Я просто слушал, мне было все равно до депутатов и членов, я ни разу в своей жизни ни за кого не голосовал. Я не разбирался в политике, мне было глубоко чихать на всех этих людей, я жил со своим сломанным носом в своем маленьком мире. А дядя Коля из раза в раз твердил, что нас с ним обворовывают все кому не лень и жэк и.., он вновь пускался в тот же лес. Я сидел и кивал, прекрасно понимая, что меня никто не обворовывает, по одной простой причине, у меня ничего нет, я даже дверь порой не закрывал. А зачем, кому нужны мои мыши, да крысы. Вряд ли депутат стал бы воровать моих крыс, да и крысы то приходили редко. Что им у меня делать, питался я не ахти, а водку, одеколон, боярышник ни мыши, ни крысы не любят. Мне кажется, что они просто заходили посмотреть не умер ли я еще. А когда я умер, тут уж они повеселились на славу, гульнули, что называется на всю катушку.
 Умер я как-то глупо совсем. До этого мы с дядей Колей пили дня три, он брагу ставил, она к тому времени поспела как раз, вот ее мы и пили. Затем пили дешевый портвейн, в нашем магазине продают. Дядя Коля рассказал мне одну из своих многочисленных баек, о том, как придумали это бухло. Якобы пока вино везли из далека-далека, оно и скисло. Что бы хоть как-то продать кислятину, разбавили спиртом и впарили морякам. А морякам все впрок пошло, что в рот прошло, и они в следующий раз еще попросили этого вина. Вот так и придумали портвейн, было это где-то толи в Португалии, то ли еще где.
Портвейн мы пили дня два, должно быть я чувствовал себя моряком.
Дядя Коля все время напевал – «В бананово лимонном Сингапуре, в бурю, когда поет и плачет океан. И гонит в ослепительной лазури, птиц сизый караван». При этом он как-то неестественно картавил, но ничего, получалось вполне сносно.

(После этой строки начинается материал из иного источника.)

Lemma indic_rej_term j (γ : pattern n) w : (0 < j <= n)%N ->
  \1_(cset (force_rej j) γ) w * rej_term j w =
  (rej_denom γ)^-1 *
    \1_(cset (force_rej j) γ `&` p j @^-1` [set x | x <= alpha_of j (pattern_fun γ)]) w.
Proof.
move=> jP; rewrite !indicE.
have [/set_mem γP|nγP] := boolP (w \in cset (force_rej j) γ); last first.
  by rewrite mul0r memNset ?mulr0 // => -[γw _]; rewrite (mem_set γw) in nγP.
have [ea _] := levels_forced jP γP.
have [le_pa|gt_pa] := leP (p j w) (alpha_of j (pattern_fun γ)).
  have at_γ : pattern_at w = γ.
    by apply: eq_pattern_fun => i; rewrite (pattern_at_agree jP γP) // le_pa orbT.
  by rewrite /rej_term at_γ (forced_pattern jP γP) mem_set //= mul1r mulr1 div1r.
rewrite memNset ?mulr0; last by move=> [_]; rewrite /preimage /= leNgt gt_pa.
have /consistentP atP := pattern_at_consistent w.
by rewrite /rej_term -atP // /threshold_rule /= ea leNgt gt_pa /= mul1r mul0r.
Qed.

Lemma indic_fdphat_term_ge j (γ : pattern n) w : (0 < j <= n)%N ->
  alpha_of j (pattern_fun γ) / (1 - lam_of j (pattern_fun γ)) / rej_denom γ *
    \1_(cset (force_rej j) γ `&` p j @^-1` [set x | lam_of j (pattern_fun γ) < x]) w
  <= \1_(cset (force_rej j) γ) w * fdphat_term j w.
Proof.
move=> jP; have j0 := proj1 (andP jP); rewrite [in X in X <= _]indicE.
have [/set_mem [γP lt_lp]|_] := boolP (w \in _); last first.
  by rewrite mulr0 mulr_ge0 ?fdphat_term_ge0 // indicE ler0n.
have [ea el] := levels_forced jP γP.
have ev : fdphat_event j w by rewrite /fdphat_event /= el.
rewrite indicE mem_set // mul1r mulr1 /fdphat_term indicE mem_set // mulr1 ea el.
apply: ler_wpM2l; first exact: level_ratio_ge0.
rewrite lef_pV2 ?posrE ?rej_denom_gt0 //; apply: le_rej_denom.
exact: sub_pattern_at jP γP.
Qed.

А потом был вечер, девять часов и магазин закрыли. А потом было утро, я не знаю, что такое творилось с моей головой, словно тысячи маленьких псов схватили ее своими острыми, белоснежными зубами и рвали на все стороны. Я лежал и стонал, хотя боль была такая, что мне было даже больно стонать. Болело все, даже волосы на голове и я чувствовал боль каждого волоска отдельно взятого и всех вместе разом, а дядя Коля крыл на чем стоит свет депутатов, правительство, всех на свете и искал хоть что-нибудь, что бы хоть как-то, хоть на маленькую дольку снять ту невыносимую боль пожирающую меня, словно голодный лев, загнанную антилопу.
Дядя Коля поднял на уши всех соседей. Но те сказали, что будут рады если я поскорее сдохну. У дяди Коли были деньги, и магазин уже был открыт, и там была водка, но для закона нет здоровых и больных, нет нуждающихся и сытых. Перед законом все равны. И как не упрашивал дядя Коля продавщицу и как не объяснял ей, что человеку плохо, все его мольбы были напрасны.
«Нет» - отрезала она – «приходи в 11 часов».
 Я закашлялся, что-то лопнуло в моей голове, кольнуло сердце и я умер. Было 10-30 утра, весенний солнечный зайчик топтался на моем небритом, искривленном от мук лице.
В одиннадцать пятнадцать его спугнул дядя Коля. Молча выпив за помин моей души, дядя Коля задымил скрученную из клочка бумажки козью ножку. Уходя он сказал, что эти суки за все ответят.
Я не знаю кого он имел в виду. Все мы смертные, и то, что я умер до срока, кто же скажет, где он срок. Никто не знает сколько нам отмеряно.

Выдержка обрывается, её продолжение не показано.